%%

From mathcomp Require Import all_boot all_order all_algebra zify.
Set Implicit Arguments. Unset Strict Implicit. Unset Printing Implicit Defensive.
Import GRing.Theory Num.Theory.

(* The differential probability vanishes iff the equation
   ((x + A) xor (y + B)) <<< r = ((x xor y) <<< r) + G has no solution (x, y).
   Cutting every n-bit word after its first r bits, the rotation swaps the two
   halves, so the equation becomes, on each half, three simultaneous additions
   x + alpha, y + beta and (x xor y) + gamma, the halves being coupled only
   through carries: the carries out of x + alpha and y + beta on the low half
   enter the high half, and the carry out of the third addition on the high half
   enters the low half.  Scanning a half bit by bit, the set of feasible
   (carry-in, carry-out) triples is computed by a finite automaton over the
   octal word omega; the patterns are regular expressions, recognised by finite
   automata as well.  Both sides of the equivalence therefore only depend on the
   states reached by the product automata on the two octal words, and the
   equivalence is checked by computation on all reachable pairs of states. *)

(** * Bit vectors and carries *)

Lemma mixed_radix_inj K q1 q2 t1 t2 :
  t1 < K -> t2 < K -> q1 * K + t1 = q2 * K + t2 -> q1 = q2 /\ t1 = t2.
Proof.
move=> t1K t2K e; have K0 : 0 < K by apply: leq_ltn_trans t1K.
split; [have := congr1 (divn^~ K) e | have := congr1 (modn^~ K) e].
  by rewrite !divnMDl // !divn_small // !addn0.
by rewrite !modnMDl !modn_small.
Qed.

Lemma modn_mixed K R q t : t < K -> (q * K + t) %% (R * K) = q %% R * K + t.
Proof.
move=> tK; case: R => [|R]; first by rewrite !modn0.
rewrite {1}(divn_eq q R.+1) mulnDl -mulnA -addnA modnMDl modn_small //.
have := ltn_pmod q (ltn0Sn R); nia.
Qed.

Lemma carry_split K s : s < K * 2 -> s = s %% K + (K <= s) * K.
Proof.
case: (leqP K s) => [Ks sK2 | sK _]; last by rewrite modn_small ?addn0.
rewrite -[in s %% K](subnK Ks) modnDr modn_small /=; lia.
Qed.

Lemma bv_val_cat s t : bv_val (s ++ t) = bv_val s * 2 ^ size t + bv_val t.
Proof.
rewrite /bv_val foldl_cat; move: (foldl _ 0 s) => a.
elim: t a => [|b t IH] a /=; first by rewrite muln1 addn0.
rewrite IH [in RHS]IH expnS; lia.
Qed.

Lemma bv_val_cons b s : bv_val (b :: s) = b * 2 ^ size s + bv_val s.
Proof. exact: (bv_val_cat [:: b]). Qed.

Lemma bv_val_lt s : bv_val s < 2 ^ size s.
Proof. by elim: s => [|[] s IH] //=; rewrite bv_val_cons expnS; lia. Qed.

Lemma bv_val_inj s t : size s = size t -> bv_val s = bv_val t -> s = t.
Proof.
elim: s t => [|b s IH] [|b' t] //= [st]; rewrite !bv_val_cons st.
have ltt := bv_val_lt t; have lts := bv_val_lt s; rewrite st in lts.
case/(mixed_radix_inj lts ltt) => bb' /(IH _ st) ->.
by case: b b' bb' => -[].
Qed.

Lemma bv_of_cons n k : tval (bv_of n.+1 k) = odd (k %/ 2 ^ n) :: bv_of n k.
Proof.
rewrite /bv_of /= enum_ordSl /= subn0 -map_comp; congr (_ :: _).
by apply: eq_map => i; rewrite /= /bump leq0n; congr (odd (_ %/ 2 ^ _)); lia.
Qed.

Lemma bv_val_bv_of n k : bv_val (bv_of n k) = k %% 2 ^ n.
Proof.
elim: n => [|n IH]; first by rewrite expn0 modn1 (tuple0 (bv_of 0 k)).
rewrite bv_of_cons bv_val_cons size_tuple IH.
rewrite {3}(divn_eq k (2 ^ n)) expnS mulnC modn_mixed ?ltn_pmod ?expn_gt0 //.
by rewrite modn2 mulnC.
Qed.

Lemma tup_ofK n s : size s = n -> tval (tup_of n s) = s.
Proof.
move=> <-; apply: (@eq_from_nth _ false); rewrite size_tuple // => i lti.
by rewrite -(tnth_nth _ _ (Ordinal lti)) tnth_mktuple.
Qed.

Lemma tuple_cat_split r k n (rk : r + k = n) (x : n.-tuple bool) :
  exists (xH : r.-tuple bool) (xL : k.-tuple bool), x = tup_of n (xH ++ xL).
Proof.
have sx : size x = r + k by rewrite size_tuple.
exists (tup_of r (take r x)), (tup_of k (drop r x)); apply: val_inj.
by rewrite /= !tup_ofK ?cat_take_drop ?size_takel ?size_drop ?sx ?addKn ?leq_addr.
Qed.

Lemma seq_as_tuple k (s : seq bool) : size s = k -> exists t : k.-tuple bool, s = t.
Proof. by move=> sk; exists (tup_of k s); rewrite tup_ofK. Qed.

Definition xors (s t : seq bool) : seq bool := [seq p.1 (+) p.2 | p <- zip s t].

Lemma size_xors s t : size s = size t -> size (xors s t) = size s.
Proof. by move=> st; rewrite size_map size_zip st minnn. Qed.

Lemma xors_cat s1 s2 t1 t2 :
  size s1 = size t1 -> xors (s1 ++ s2) (t1 ++ t2) = xors s1 t1 ++ xors s2 t2.
Proof. by move=> st; rewrite /xors zip_cat // map_cat. Qed.

Lemma bv_xorE n (x y : n.-tuple bool) : tval (bv_xor x y) = xors x y.
Proof.
apply: (@eq_from_nth _ false); rewrite size_tuple ?size_xors ?size_tuple // => i lti.
rewrite -(tnth_nth _ _ (Ordinal lti)) tnth_mktuple /xors.
by rewrite (nth_map (false, false)) ?nth_zip ?size_zip ?size_tuple ?minnn //= !(tnth_nth false).
Qed.

Definition add_carry (u v : seq bool) (ci : bool) (w : seq bool) (co : bool) : Prop :=
  bv_val u + bv_val v + ci = bv_val w + co * 2 ^ size w.

Lemma bv_add_carry n (x y z : n.-tuple bool) :
  bv_add x y = z <-> exists co : bool, add_carry x y false z co.
Proof.
have bv_addE : bv_val (bv_add x y) = (bv_val x + bv_val y) %% 2 ^ n.
  by rewrite bv_val_bv_of modn_mod.
rewrite /add_carry size_tuple addn0; split=> [<- | [co e]].
  exists (2 ^ n <= bv_val x + bv_val y); rewrite bv_addE -carry_split //.
  by have := bv_val_lt x; have := bv_val_lt y; rewrite !size_tuple; lia.
apply: val_inj; apply: bv_val_inj; rewrite ?size_tuple // bv_addE e addnC modnMDl modn_small //.
by have := bv_val_lt z; rewrite size_tuple.
Qed.

Lemma add_carry_cat uH uL vH vL wH wL ci co : size uL = size wL -> size vL = size wL ->
  add_carry (uH ++ uL) (vH ++ vL) ci (wH ++ wL) co <->
  exists c : bool, add_carry uL vL ci wL c /\ add_carry uH vH c wH co.
Proof.
rewrite /add_carry !bv_val_cat size_cat expnD => suw svw; rewrite suw svw.
have := bv_val_lt uL; have := bv_val_lt vL; have := bv_val_lt wL.
rewrite suw svw; move: (2 ^ size wL) (2 ^ size wH) => K H ltw ltv ltu.
split=> [e | [c [el eh]]]; last first.
  have := congr1 (muln^~ K) eh; rewrite /= !mulnDl; lia.
set s := bv_val uL + bv_val vL + ci.
have ltsK : s < K * 2 by rewrite /s; have := leq_b1 ci; lia.
have K0 : 0 < K by apply: leq_ltn_trans ltw.
have [eH eL] : bv_val uH + bv_val vH + (K <= s) = bv_val wH + co * H /\ s %% K = bv_val wL.
  apply: (@mixed_radix_inj K); [exact: ltn_pmod | exact: ltw |].
  have := carry_split ltsK; rewrite /s !mulnDl; lia.
by exists (K <= s); rewrite {1}(carry_split ltsK) eL.
Qed.

Lemma bv_add_cat h l n (hl : h + l = n) (uH vH wH : h.-tuple bool) (uL vL wL : l.-tuple bool) :
  bv_add (tup_of n (uH ++ uL)) (tup_of n (vH ++ vL)) = tup_of n (wH ++ wL) <->
  exists c o : bool, add_carry uL vL false wL c /\ add_carry uH vH c wH o.
Proof.
rewrite bv_add_carry !tup_ofK ?size_cat ?size_tuple //.
split=> [[o /add_carry_cat] | [c [o lohi]]]; rewrite ?size_tuple //.
  by case=> // c [lo hi]; exists c, o.
by exists o; apply/add_carry_cat; rewrite ?size_tuple //; exists c.
Qed.

Lemma XR_tup_cat r k n (rk : r + k = n) (xH yH : r.-tuple bool) (xL yL : k.-tuple bool) :
  XR r (tup_of n (xH ++ xL)) (tup_of n (yH ++ yL)) = tup_of n (bv_xor xL yL ++ bv_xor xH yH).
Proof.
rewrite /XR /bv_rotl; congr (tup_of n _).
rewrite bv_xorE !tup_ofK ?size_cat ?size_tuple // xors_cat ?size_tuple //.
by rewrite -!bv_xorE -{1}(size_tuple (bv_xor xH yH)) rot_size_cat.
Qed.

(** * The three additions on one half *)

Definition oct_a (s : nat) : bool := odd (s %/ 4).
Definition oct_b (s : nat) : bool := odd (s %/ 2).
Definition oct_c (s : nat) : bool := odd s.
Definition oct (x y z : bool) : nat := 4 * x + 2 * y + z.

Lemma oct_aK x y z : oct_a (oct x y z) = x. Proof. by case: x y z => [] [] []. Qed.
Lemma oct_bK x y z : oct_b (oct x y z) = y. Proof. by case: x y z => [] [] []. Qed.
Lemma oct_cK x y z : oct_c (oct x y z) = z. Proof. by case: x y z => [] [] []. Qed.
Lemma oct_lt8 x y z : oct x y z < 8. Proof. by case: x y z => [] [] []. Qed.
Lemma octK s : s < 8 -> oct (oct_a s) (oct_b s) (oct_c s) = s.
Proof. by do 8?case: s => [|s] //. Qed.

Lemma nat_of_bool_inj : injective nat_of_bool. Proof. by case=> [] []. Qed.

(* [i] and [o] code the triple of carries entering the three additions at the
   least significant end and leaving them at the most significant end. *)
Definition carry_feasible (a b c : seq bool) (i o : nat) : Prop :=
  exists x y X Y : seq bool,
    [/\ size x = size a, size y = size a, size X = size a & size Y = size a] /\
    [/\ add_carry x a (oct_a i) X (oct_a o), add_carry y b (oct_b i) Y (oct_b o)
      & add_carry (xors x y) c (oct_c i) (xors X Y) (oct_c o)].

Lemma carry_feasible_tuple k (a b c : k.-tuple bool) i o :
  carry_feasible a b c i o <->
  exists x y X Y : k.-tuple bool,
    [/\ add_carry x a (oct_a i) X (oct_a o), add_carry y b (oct_b i) Y (oct_b o)
      & add_carry (bv_xor x y) c (oct_c i) (bv_xor X Y) (oct_c o)].
Proof.
split=> [[x [y [X [Y []]]]] | [x [y [X [Y eqs]]]]]; last first.
  by exists x, y, X, Y; rewrite !size_tuple -!bv_xorE.
rewrite size_tuple => -[/seq_as_tuple [{}x ->] /seq_as_tuple [{}y ->]].
move=> /seq_as_tuple [{}X ->] /seq_as_tuple [{}Y ->].
by rewrite -!bv_xorE; exists x, y, X, Y.
Qed.

Lemma XR_solvableP r k n (nrk : r + k = n) (a b c : k.-tuple bool) (a' b' c' : r.-tuple bool) :
  (exists x y : n.-tuple bool,
     XR r (bv_add x (tup_of n (a' ++ a))) (bv_add y (tup_of n (b' ++ b))) =
     bv_add (XR r x y) (tup_of n (c ++ c')))
  <-> exists cx cy e o1 o2 o3 : bool,
      carry_feasible a b c (oct false false e) (oct cx cy o3) /\
      carry_feasible a' b' c' (oct cx cy false) (oct o1 o2 e).
Proof.
have nkr : k + r = n by rewrite addnC.
split=> [[x [y]] | [cx [cy [ce [o1 [o2 [o3 []]]]]]]].
  have [xH [xL ->]] := tuple_cat_split nrk x; have [yH [yL ->]] := tuple_cat_split nrk y.
  have [XH [XL eX]] := tuple_cat_split nrk (bv_add (tup_of n (xH ++ xL)) (tup_of n (a' ++ a))).
  have [YH [YL eY]] := tuple_cat_split nrk (bv_add (tup_of n (yH ++ yL)) (tup_of n (b' ++ b))).
  rewrite eX eY !(XR_tup_cat nrk) => /esym/(bv_add_cat nkr) [ce [o3 [lc hc]]].
  have [cx [o1 [la ha]]] := (bv_add_cat nrk _ _ _ _ _ _).1 eX.
  have [cy [o2 [lb hb]]] := (bv_add_cat nrk _ _ _ _ _ _).1 eY.
  exists cx, cy, ce, o1, o2, o3; split; apply/carry_feasible_tuple.
    by exists xL, yL, XL, YL; rewrite !oct_aK !oct_bK !oct_cK.
  by exists xH, yH, XH, YH; rewrite !oct_aK !oct_bK !oct_cK.
move=> /carry_feasible_tuple [xL [yL [XL [YL]]]]; rewrite !oct_aK !oct_bK !oct_cK => -[la lb lc].
move=> /carry_feasible_tuple [xH [yH [XH [YH]]]]; rewrite !oct_aK !oct_bK !oct_cK => -[ha hb hc].
exists (tup_of n (xH ++ xL)), (tup_of n (yH ++ yL)).
have -> : bv_add (tup_of n (xH ++ xL)) (tup_of n (a' ++ a)) = tup_of n (XH ++ XL).
  by apply/(bv_add_cat nrk); exists cx, o1.
have -> : bv_add (tup_of n (yH ++ yL)) (tup_of n (b' ++ b)) = tup_of n (YH ++ YL).
  by apply/(bv_add_cat nrk); exists cy, o2.
by rewrite !(XR_tup_cat nrk); symmetry; apply/(bv_add_cat nkr); exists ce, o3.
Qed.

%%

What you should do
Transcribe the lines above between the line holding "t1 < K -> t2" and the line holding "have ltt := bv_val_lt", inclusive, exactly as they stand and with nothing added.

Answer to this problem
  t1 < K -> t2 < K -> q1 * K + t1 = q2 * K + t2 -> q1 = q2 /\ t1 = t2.
Proof.
move=> t1K t2K e; have K0 : 0 < K by apply: leq_ltn_trans t1K.
split; [have := congr1 (divn^~ K) e | have := congr1 (modn^~ K) e].
  by rewrite !divnMDl // !divn_small // !addn0.
by rewrite !modnMDl !modn_small.
Qed.

Lemma modn_mixed K R q t : t < K -> (q * K + t) %% (R * K) = q %% R * K + t.
Proof.
move=> tK; case: R => [|R]; first by rewrite !modn0.
rewrite {1}(divn_eq q R.+1) mulnDl -mulnA -addnA modnMDl modn_small //.
have := ltn_pmod q (ltn0Sn R); nia.
Qed.

Lemma carry_split K s : s < K * 2 -> s = s %% K + (K <= s) * K.
Proof.
case: (leqP K s) => [Ks sK2 | sK _]; last by rewrite modn_small ?addn0.
rewrite -[in s %% K](subnK Ks) modnDr modn_small /=; lia.
Qed.

Lemma bv_val_cat s t : bv_val (s ++ t) = bv_val s * 2 ^ size t + bv_val t.
Proof.
rewrite /bv_val foldl_cat; move: (foldl _ 0 s) => a.
elim: t a => [|b t IH] a /=; first by rewrite muln1 addn0.
rewrite IH [in RHS]IH expnS; lia.
Qed.

Lemma bv_val_cons b s : bv_val (b :: s) = b * 2 ^ size s + bv_val s.
Proof. exact: (bv_val_cat [:: b]). Qed.

Lemma bv_val_lt s : bv_val s < 2 ^ size s.
Proof. by elim: s => [|[] s IH] //=; rewrite bv_val_cons expnS; lia. Qed.

Lemma bv_val_inj s t : size s = size t -> bv_val s = bv_val t -> s = t.
Proof.
elim: s t => [|b s IH] [|b' t] //= [st]; rewrite !bv_val_cons st.
have ltt := bv_val_lt t; have lts := bv_val_lt s; rewrite st in lts.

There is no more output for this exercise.